Supplied data
Lemma coord_comm x (u v : W) : snd u = 0 -> snd v = 0 ->
  fst (comm u v) x = comm (fst u x) (fst v x).
Proof.
  intros hu hv. unfold comm.
  assert (hinv : forall w : W, snd w = 0 -> snd (ginv w) = 0)
    by (intros [f b]; simpl; intros ->; reflexivity).
  assert (hmul : forall w w' : W, snd w = 0 -> snd w' = 0 -> snd (gmul w w') = 0)
    by (intros [f b] [g c]; simpl; intros -> ->; reflexivity).
  rewrite !coord_mul, !coord_inv; auto.
Qed.

Lemma derived_succ_base (P : W -> Prop) (Q : A -> Prop) :
  subgroup Q -> (forall u, P u -> coords_in Q u) ->
  forall m u, derived P (S m) u -> base (derived Q m) u.
Proof.
  intros hQ hP m. induction m as [|m IH].
  - change (forall u, gen (commset P) u -> base Q u).
    apply gen_least; [apply base_subgroup; exact hQ|].
    intros _ [u [v [hu [hv ->]]]]. split; [apply snd_comm|].
    apply subgroup_comm; [apply coords_in_subgroup; exact hQ | auto | auto].
  - change (forall u, gen (commset (derived P (S m))) u ->
              base (gen (commset (derived Q m))) u).
    apply gen_least; [apply base_subgroup, gen_subgroup|].
    intros _ [u [v [hu [hv ->]]]].
    destruct (IH u hu) as [hu0 hu'], (IH v hv) as [hv0 hv'].
    split; [apply snd_comm|]. intro x.
    rewrite coord_comm by assumption.
    apply gen_in. exists (fst u x), (fst v x). auto.
Qed.

Lemma base_trivial (Q : A -> Prop) : trivialset Q -> trivialset (base Q).
Proof.
  intros hQ [f b] [hb hf]. simpl in hb. subst.
  change (gone : W) with (fun _ : Z => (gone : A), 0).
  f_equal. apply functional_extensionality. intro x. apply hQ, hf.
Qed.

Lemma derived_succ_trivial (P : W -> Prop) (Q : A -> Prop) m :
  subgroup Q -> (forall u, P u -> coords_in Q u) ->
  trivialset (derived Q m) -> trivialset (derived P (S m)).
Proof.
  intros hQ hP htriv u hu.
  exact (base_trivial _ htriv u (derived_succ_base P Q hQ hP m u hu)).
Qed.

Lemma wr_shift_mul m n : gmul (wr_shift m) (wr_shift n) = wr_shift (m + n).
Proof.
  unfold wr_shift. simpl. unfold wr_mul. simpl. f_equal.
  apply functional_extensionality. intro. apply gid_l.
Qed.

Lemma wr_shift_in (P : W -> Prop) : subgroup P -> P (wr_shift 1) ->
  forall n, P (wr_shift n).
Proof.
  intros [h1 h2 h3] h. apply Z.peano_ind.
  - exact h1.
  - intros n hn. change (P (wr_shift (n + 1))). rewrite <- wr_shift_mul. auto.
  - intros n hn. change (P (wr_shift (n + -1))). rewrite <- wr_shift_mul.
    apply h2; [exact hn|].
    replace (wr_shift (-1)) with (ginv (wr_shift 1)); [auto|].
    unfold wr_shift. simpl. unfold wr_inv. simpl. f_equal.
    apply functional_extensionality. intro. apply ginv_one.
Qed.

Lemma coord0_comm_wr_shift (f : Z -> A) k : f 0 = gone ->
  fst (comm ((f, 0) : W) (wr_shift (- k))) 0 = f k.
Proof.
  intros hf0. simpl.
  rewrite hf0, ginv_one, !gid_r, Z.opp_involutive. apply gid_l.
Qed.

Lemma coord_in_derived1 (P : W -> Prop) (u : W) k :
  subgroup P -> P (wr_shift 1) -> P u -> snd u = 0 -> fst u 0 = gone ->
  exists v, derived P 1 v /\ fst v 0 = fst u k.
Proof.
  intros hP hs hu hu0 hf0. destruct u as [f b]. simpl in hu0, hf0. subst b.
  exists (comm ((f, 0) : W) (wr_shift (- k))). split.
  - apply gen_in. exists (f, 0), (wr_shift (- k)).
    split; [exact hu|]. split; [apply wr_shift_in; auto | reflexivity].
  - apply coord0_comm_wr_shift. exact hf0.
Qed.

Lemma derived_succ_nontrivial (P : W -> Prop) (gens Q : A -> Prop) m y :
  (forall q, Q q -> gen gens q) ->
  (forall q, gens q -> exists u, derived P 1 u /\ fst u 0 = q) ->
  derived Q m y -> y <> gone -> exists u, derived P (S m) u /\ u <> gone.
Proof.
  intros hQ hgens hy hne.
  set (ev0 := fun u : W => fst u 0).
  set (B := base (fun _ => True)).
  assert (hB : subgroup B) by apply base_subgroup, subgroupT.
  assert (ev0_mul : forall u v, B u -> B v -> ev0 (gmul u v) = gmul (ev0 u) (ev0 v))
    by (intros u v [hu _] _; apply coord_mul, hu).
  assert (ev0_inv : forall u, B u -> ev0 (ginv u) = ginv (ev0 u))
    by (intros u [hu _]; apply coord_inv, hu).
  assert (hP1 : forall u, derived P 1 u -> B u).
  { apply (derived_succ_base P (fun _ => True) (subgroupT A)). intros u _ x. exact I. }
  assert (himage : forall q, Q q -> image ev0 (derived P 1) q).
  { intros q hq. apply (gen_least _ gens); [| | exact (hQ q hq)].
    - apply (image_subgroup _ _ ev0 B ev0_mul ev0_inv eq_refl);
        [apply gen_subgroup | exact hP1].
    - intros q' hq'. destruct (hgens q' hq') as [u [hu <-]]. exists u. auto. }
  destruct (derived_nontrivial_of_image _ _ ev0 B hB ev0_mul ev0_inv eq_refl
              (derived P 1) Q m y hP1 himage hy hne) as [u [hu hune]].
  exists u. rewrite derived_add, Nat.add_1_r in hu. auto.
Qed.

End WreathProduct.

Arguments wr_shift {A} n.

Section Construction.
Variable H : Group.
Variable a : nat -> H.

Notation K := (K_set H a).
Notation G := (G_set H a).

Lemma c_el_coord_pow2 (i : nat) : (1 <= i)%nat ->
  fst (c_el H a) (2 ^ Z.of_nat i) = b_el H a i.
Proof.
  intro hi. assert (h2 : 2 ^ 1 <= 2 ^ Z.of_nat i) by (apply Z.pow_le_mono_r; lia).
  simpl in h2. unfold c_el. simpl fst.
  rewrite (proj2 (Z.eqb_neq _ _)), (proj2 (Z.ltb_lt _ _)) by lia.
  rewrite Z.log2_pow2, Z.eqb_refl, Nat2Z.id by lia. reflexivity.
Qed.

Lemma G_coords_in_K u : G u -> coords_in (WrZ H) K u.
Proof.
  apply gen_least; [apply coords_in_subgroup, gen_subgroup|].
  intros v [-> | ->] k; simpl; [|apply gen_one].
  destruct (k =? 1); [apply gen_in; left; reflexivity|].
  destruct (andb (1 <? k) (k =? 2 ^ Z.log2 k)) eqn:E; [|apply gen_one].
  apply gen_in. right. exists (Z.to_nat (Z.log2 k)). split; [|reflexivity].
  apply andb_prop in E. destruct E as [E _]. apply Z.ltb_lt in E.
  assert (h1 : Z.log2 2 <= Z.log2 k) by (apply Z.log2_le_mono; lia).
  simpl in h1. lia.
Qed.

Lemma G_derived_trivial l :
  trivialset (derived (fun _ : H => True) l) -> trivialset (derived G (S (S l))).
Proof.
  intros htriv.
  apply (derived_succ_trivial _ G K); [apply gen_subgroup | exact G_coords_in_K |].
  apply (derived_succ_trivial _ K (fun _ => True)); [apply subgroupT | | exact htriv].
  intros u _ x. exact I.
Qed.

Lemma K_derived_nontrivial l :
  (forall x : H, gen (fun y => exists i, (1 <= i)%nat /\ y = a i) x) ->
  derived_length (fun _ : H => True) l -> exists x, derived K l x /\ x <> gone.
Proof.
  intros hgen hl. destruct l as [|l].
  - exists (z_el H). split; [apply gen_in; left; reflexivity|].
    intros e. apply (f_equal snd) in e. discriminate.
  - destruct (derived_length_nontrivial _ _ _ hl) as [h [hh hne]].
    apply (derived_succ_nontrivial _ K (fun y => exists i, (1 <= i)%nat /\ y = a i)
             (fun _ => True) l h); auto.
    intros _ [i [hi ->]].
    apply (coord_in_derived1 _ K (b_el H a i) 1); try reflexivity.
    + apply gen_subgroup.
    + apply gen_in. left. reflexivity.
    + apply gen_in. right. exists i. auto.
Qed.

Your objective
Transcribe each line of the data above, unaltered, from the one where "by (intros [f b] [g" appears to the one where "- change (forall u, gen (commset P)" appears, inclusive of both.

Reply
    by (intros [f b] [g c]; simpl; intros -> ->; reflexivity).
  rewrite !coord_mul, !coord_inv; auto.
Qed.

Lemma derived_succ_base (P : W -> Prop) (Q : A -> Prop) :
  subgroup Q -> (forall u, P u -> coords_in Q u) ->
  forall m u, derived P (S m) u -> base (derived Q m) u.
Proof.
  intros hQ hP m. induction m as [|m IH].
  - change (forall u, gen (commset P) u -> base Q u).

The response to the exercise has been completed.